Could the 34-, 36-, 70-, and 78-kDa proteins mediate the effects of light and 5-HT on some other system than the circadian system? For example, light may alter the synthesis of proteins involved in phototransduction or light adaptation, whereas 5-HT may alter proteins involved in neuromodulation(8) . However, the finding that some proteins were altered as a result of treatments with light, 5-HT, analogs of cAMP, and DRB may indicate that one or more of these proteins are involved in the circadian system.

Although additional information on the physiological properties of these proteins may be gathered (e.g. whether a protein oscillates or not), the identification of these proteins may ultimately yield more important information. Previously, we characterized a 40-kDa protein because its synthesis was affected by light treatments and it was an abundant protein. This protein was identified as a lipocortin (annexin), and its possible role in the eye circadian system has been discussed elsewhere(25) . In light of the 5-HT study presented here, the synthesis of this protein does not appear to be affected to a large extent by 5-HT treatments administered during CT 6-12. It is possible, however, that the synthesis of the 40-kDa protein may be affected even later than we have assayed here. Alternatively, this protein may be part of the light entrainment pathway or may be unrelated to the circadian system.

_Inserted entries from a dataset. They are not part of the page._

(* Let $\mathcal{G}^{\mathrm{aff}}$ be the family of all routing problems with affine latency functions, with homogeneous users. For a bound $\beta\ge0$, an optimal $\beta$-bounded tolling mechanism is $$T^{\mathrm{opt}+}(af+b;\beta)=\begin{cases}\beta a f & \beta\in[0,1),\\ a f & \beta\ge1,\end{cases}$$ with $$\mathrm{PoA}\big(\mathcal{G}^{\mathrm{aff}},T^{\mathrm{opt}+}(\beta)\big)=\begin{cases}\dfrac{4}{3+2\beta-\beta^2} & \beta\in[0,1),\\ 1 & \beta\ge1.\end{cases}$$ An optimal $\beta$-bounded subsidy mechanism is $$T^{\mathrm{opt}-}(af+b;\beta)=\begin{cases}-\beta b & \beta\in[0,1/2),\\ -b/2 & \beta\ge1/2,\end{cases}$$ with $$\mathrm{PoA}\big(\mathcal{G}^{\mathrm{aff}},T^{\mathrm{opt}-}(\beta)\big)=\begin{cases}\dfrac{4}{3+2\hat\beta-\hat\beta^2} & \beta\in[0,1/2),\\ 1 & \beta\ge1/2,\end{cases}\qquad \hat\beta=\frac{1}{1-\beta}-1.$$ Consequently, for every $\beta\in(0,1)$, $\mathrm{PoA}(\mathcal{G}^{\mathrm{aff}},T^{\mathrm{opt}+}(\beta))>\mathrm{PoA}(\mathcal{G}^{\mathrm{aff}},T^{\mathrm{opt}-}(\beta))$.
   Context: A routing problem $G$ consists of a directed graph $(V,E)$, origin–destination pairs $(o_i,d_i)$ with traffic masses $r_i>0$, $\sum_ir_i=1$, and for each edge $e$ a latency function $\ell_e$; in $\mathcal{G}^{\mathrm{aff}}$ every latency has the form $\ell(f)=af+b$ with $a,b\ge0$, and $L(\mathcal{G}^{\mathrm{aff}})$ is the set of all such functions. Let $\mathcal{P}_i$ be the set of simple $o_i$–$d_i$ paths. A flow assigns mass $f_P\ge0$ to each path, is feasible if $\sum_{P\in\mathcal{P}_i}f_P=r_i$, and has edge flows $f_e=\sum_{P\ni e}f_P$; its total latency is $\mathcal{L}(f)=\sum_ef_e\ell_e(f_e)$ and $\mathcal{L}^{\mathrm{opt}}(G)$ is the minimum over feasible flows. Users form a continuum $N=\bigcup_iN_i$ of disjoint intervals of Lebesgue measure $r_i$, choosing paths in $\mathcal{P}_i$; users are homogeneous (sensitivity $1$). An incentive mechanism $T$ assigns to each latency $\ell$ a function $T(\ell):[0,1]\to\mathbb{R}$, and edge $e$ receives $\tau_e=T(\ell_e)$. A user on path $P$ under flow $f$ has cost $\sum_{e\in P}(\ell_e(f_e)+\tau_e(f_e))$; a Nash flow is a feasible flow in which every user uses a cost-minimizing path. $\mathcal{L}^{\mathrm{Nash}}(G,T)$ is the highest total latency of a Nash flow and $\mathrm{PoA}(\mathcal{G},T)=\sup_{G\in\mathcal{G}}\mathcal{L}^{\mathrm{Nash}}(G,T)/\mathcal{L}^{\mathrm{opt}}(G)$. A $\beta$-bounded tolling mechanism satisfies $T(\ell)[f]\in[0,\beta\ell(f)]$ for all $f\in[0,1]$; a $\beta$-bounded subsidy mechanism satisfies $T(\ell)[f]\in[-\beta\ell(f),0]$. An optimal $\beta$-bounded tolling (subsidy) mechanism is one minimizing $\mathrm{PoA}(\mathcal{G}^{\mathrm{aff}},\cdot)$ over all $\beta$-bounded tolling (subsidy) mechanisms. *)

From Stdlib Require Import Reals Lra List.
Import ListNotations.
Open Scope R_scope.

Record Edge := mkEdge { tl : nat; hd : nat; ea : R; eb : R }.

Record Comm := mkComm { orig : nat; dest : nat; mass : R }.

(** A routing problem: vertices 0..nV-1, edges (indexed by their position
    in the list), commodities (indexed by their position in the list). *)
Record RP := mkRP { nV : nat; edges : list Edge; comms : list Comm }.

Definition dummy_edge : Edge := mkEdge 0 0 0 0.
Definition dummy_comm : Comm := mkComm 0 0 0.

Definition edge (G : RP) (e : nat) : Edge := nth e (edges G) dummy_edge.
Definition comm (G : RP) (i : nat) : Comm := nth i (comms G) dummy_comm.
Definition nE (G : RP) : nat := length (edges G).
Definition nC (G : RP) : nat := length (comms G).

Definition sumR (l : list R) : R := fold_right Rplus 0 l.

Definition wf_RP (G : RP) : Prop :=
  (forall e, (e < nE G)%nat ->
      (tl (edge G e) < nV G)%nat /\ (hd (edge G e) < nV G)%nat /\
      0 <= ea (edge G e) /\ 0 <= eb (edge G e)) /\
  NoDup (map (fun x => (tl x, hd x)) (edges G)) /\
  (forall i, (i < nC G)%nat ->
      (orig (comm G i) < nV G)%nat /\ (dest (comm G i) < nV G)%nat /\
      0 < mass (comm G i)) /\
  sumR (map mass (comms G)) = 1.

(** Paths are lists of edge indices. [walk G u p d]: p is a walk from u to d. *)
Fixpoint walk (G : RP) (u : nat) (p : list nat) (d : nat) : Prop :=
  match p with
  | [] => u = d
  | e :: p' => (e < nE G)%nat /\ tl (edge G e) = u /\ walk G (hd (edge G e)) p' d
  end.

Fixpoint verts (G : RP) (u : nat) (p : list nat) : list nat :=
  match p with
  | [] => [u]
  | e :: p' => u :: verts G (hd (edge G e)) p'
  end.

Definition is_path (G : RP) (o d : nat) (p : list nat) : Prop :=
  walk G o p d /\ NoDup (verts G o p).

Definition in_Paths (G : RP) (i : nat) (p : list nat) : Prop :=
  is_path G (orig (comm G i)) (dest (comm G i)) p.

(** A flow: finitely many entries (i, P, x) assigning mass x to path P of
    commodity i (repeated entries add up). *)
Definition Flow := list (nat * list nat * R).

Definition feasible (G : RP) (f : Flow) : Prop :=
  (forall i p x, In (i, p, x) f -> (i < nC G)%nat /\ in_Paths G i p /\ 0 <= x) /\
  (forall i, (i < nC G)%nat ->
     sumR (map (fun t => match t with (j, _, x) => if Nat.eqb j i then x else 0 end) f)
       = mass (comm G i)).

Definition eflow (f : Flow) (e : nat) : R :=
  sumR (map (fun t => match t with (_, p, x) => if existsb (Nat.eqb e) p then x else 0 end) f).

Definition lat (G : RP) (e : nat) (y : R) : R := ea (edge G e) * y + eb (edge G e).

Definition total_latency (G : RP) (f : Flow) : R :=
  sumR (map (fun e => eflow f e * lat G e (eflow f e)) (seq 0 (nE G))).

(** * Incentive mechanisms
    A latency in L(G^aff) is l(f) = a f + b (a,b >= 0), determined by (a,b);
    a mechanism maps it to the function T a b : [0,1] -> R. *)
Definition Mechanism := R -> R -> R -> R.

(** Cost of path p under flow f for homogeneous users (sensitivity 1). *)
Definition path_cost (G : RP) (T : Mechanism) (f : Flow) (p : list nat) : R :=
  sumR (map (fun e => lat G e (eflow f e)
                      + T (ea (edge G e)) (eb (edge G e)) (eflow f e)) p).
(* Suppose $\mathcal E$ generates a stochastic process. Then for all $j,j'\in\{0,\dots,n_\tau\}$ with $j'\ge j$, all $x,x'\in\Lambda$ and all $h\in\mathbb R^{\{1,\dots,n_\tau\}\times\Lambda}$, $$\big|\mathcal C(h)_{(j,x),(j',x')}\big|\le\big|\mathcal C(0)_{(j,x),(j',x')}\big|=\big(e^{-(j'-j)\epsilon\mathcal E}\big)_{x,x'} .$$
   Context: $\Lambda$ is a finite discrete torus $\mathbb Z^d/L\mathbb Z^d$ (lattice spacing $1$), operators on $\mathbb C^\Lambda$ are identified with their matrices, and functions on $\Lambda$ act as multiplication operators. $\mathcal E$ is a hermitian operator on $\mathbb C^\Lambda$; it generates a stochastic process if $(e^{-\tau\mathcal E})_{x,y}\ge0$ for all $\tau\ge0$ and $x,y\in\Lambda$. $\beta>0$, $n_\tau\in\mathbb N$, $\epsilon=\beta/n_\tau$. For $h=(h_j)_{j=1}^{n_\tau}$, $h_j\in\mathbb R^\Lambda$, and $h_0:=0$, let $\mathcal Q(h)$ be the block matrix indexed by $j,j'\in\{0,\dots,n_\tau\}$ with $\mathcal Q(h)_{j,j'}=\delta_{j,j'}\mathbf 1-\delta_{j+1,j'}e^{-\epsilon\mathcal E}e^{i\sqrt\epsilon h_{j'}}$ (it is upper triangular with identity diagonal, hence invertible), and $\mathcal C(h)=\mathcal Q(h)^{-1}$ with matrix elements $\mathcal C(h)_{(j,x),(j',x')}$. *)

From HB Require Import structures.
From mathcomp Require Import all_boot all_order all_algebra.
From mathcomp Require Import all_classical all_reals.
From mathcomp Require Import topology normedtype sequences exp trigo.
From mathcomp Require Import complex.
Set Implicit Arguments. Unset Strict Implicit. Unset Printing Implicit Defensive.
Import Order.TTheory GRing.Theory Num.Theory.
Import numFieldNormedType.Exports.
Local Open Scope ring_scope.
Local Open Scope complex_scope.

Section Defs.
Variable R : realType.
Local Notation C := R[i].

(** Operators on C^I (I a finite type) are represented as square matrices
    'M[C]_#|I|, the basis vector of x : I having index enum_rank x. *)
Definition opentry (I : finType) (A : 'M[C]_#|I|) (x y : I) : C :=
  A (enum_rank x) (enum_rank y).

Definition mkop (I : finType) (f : I -> I -> C) : 'M[C]_#|I| :=
  \matrix_(a, b) f (enum_val a) (enum_val b).

Definition hermitian_mx n (A : 'M[C]_n) : Prop :=
  forall i j, A j i = (A i j)^*.

Definition expm_partial n (A : 'M[C]_n) (N : nat) : 'M[C]_n :=
  \sum_(k < N) ((k`!)%:R^-1 : C) *: A ^+ k.

Definition expm n (A : 'M[C]_n) : 'M[C]_n :=
  \matrix_(i, j)
    ((limn (fun N => complex.Re (expm_partial A N i j))) +i*
     (limn (fun N => complex.Im (expm_partial A N i j)))).

Definition semigroup n (E : 'M[C]_n) (tau : R) : 'M[C]_n :=
  expm (- (tau%:C) *: E).

(** E generates a stochastic process: all entries of e^{-tau E} are
    (real and) nonnegative for tau >= 0. *)
Definition generates_stochastic n (E : 'M[C]_n) : Prop :=
  forall tau : R, 0 <= tau -> forall i j, 0 <= semigroup E tau i j.

Definition expi (t : R) : C := cos t +i* sin t.

End Defs.

(** The torus Lambda = Z^d / L Z^d, a point being a d-tuple of residues
    mod L represented in 'I_L. *)
Definition torus (d L : nat) : finType := {ffun 'I_d -> 'I_L}.

Definition tsidx (d L ntau : nat) : finType := ('I_ntau.+1 * torus d L)%type.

The 78-kDa Aplysia protein identified through our experiments appears to be BiP. The name BiP is derived from the term ``binding protein'' because this protein was originally identified as the protein that binds to the heavy immunoglobulin chain in the endoplasmic reticulum(38) . BiP, which resides in the lumen of the endoplasmic reticulum, has extensive sequence homology with the HSP70 family members HSP70 and HSC70 (39) (see also below), which are mainly cytosolic. Like the other members of the HSP70 family, BiP functions as a molecular chaperone(40, 41) . Its main function is to assist in the correct folding of unfolded proteins as well as in the correct assembly of oligomeric proteins into multimeric complexes that pass through the endoplasmic reticulum(42, 43) . At the same time, BiP also binds to and prevents further processing of incorrectly folded or assembled proteins (44, 45). BiP is expressed constitutively under physiological conditions, but its synthesis is induced under a number of stress conditions (for a review see Refs. 30, 46, and 47). Recently, a number of treatments with agents that are not usually classified as ``stressors'' has been reported to induce the synthesis of BiP. Kuhl et al.(31) demonstrated that treatments with 5-HT, which mimic the effects of long-term sensitization in Aplysia, increased the levels of BiP protein in sensory neurons 3 h after the end of 5-HT treatments, and long-term behavioral training also increased levels of BiP mRNA. Their finding that BiP protein synthesis is increased 3 h after the end of 5-HT treatments is similar to our finding that phase-shifting treatments with 5-HT altered incorporation of [H]leucine into BiP 3 h after the end of the treatment.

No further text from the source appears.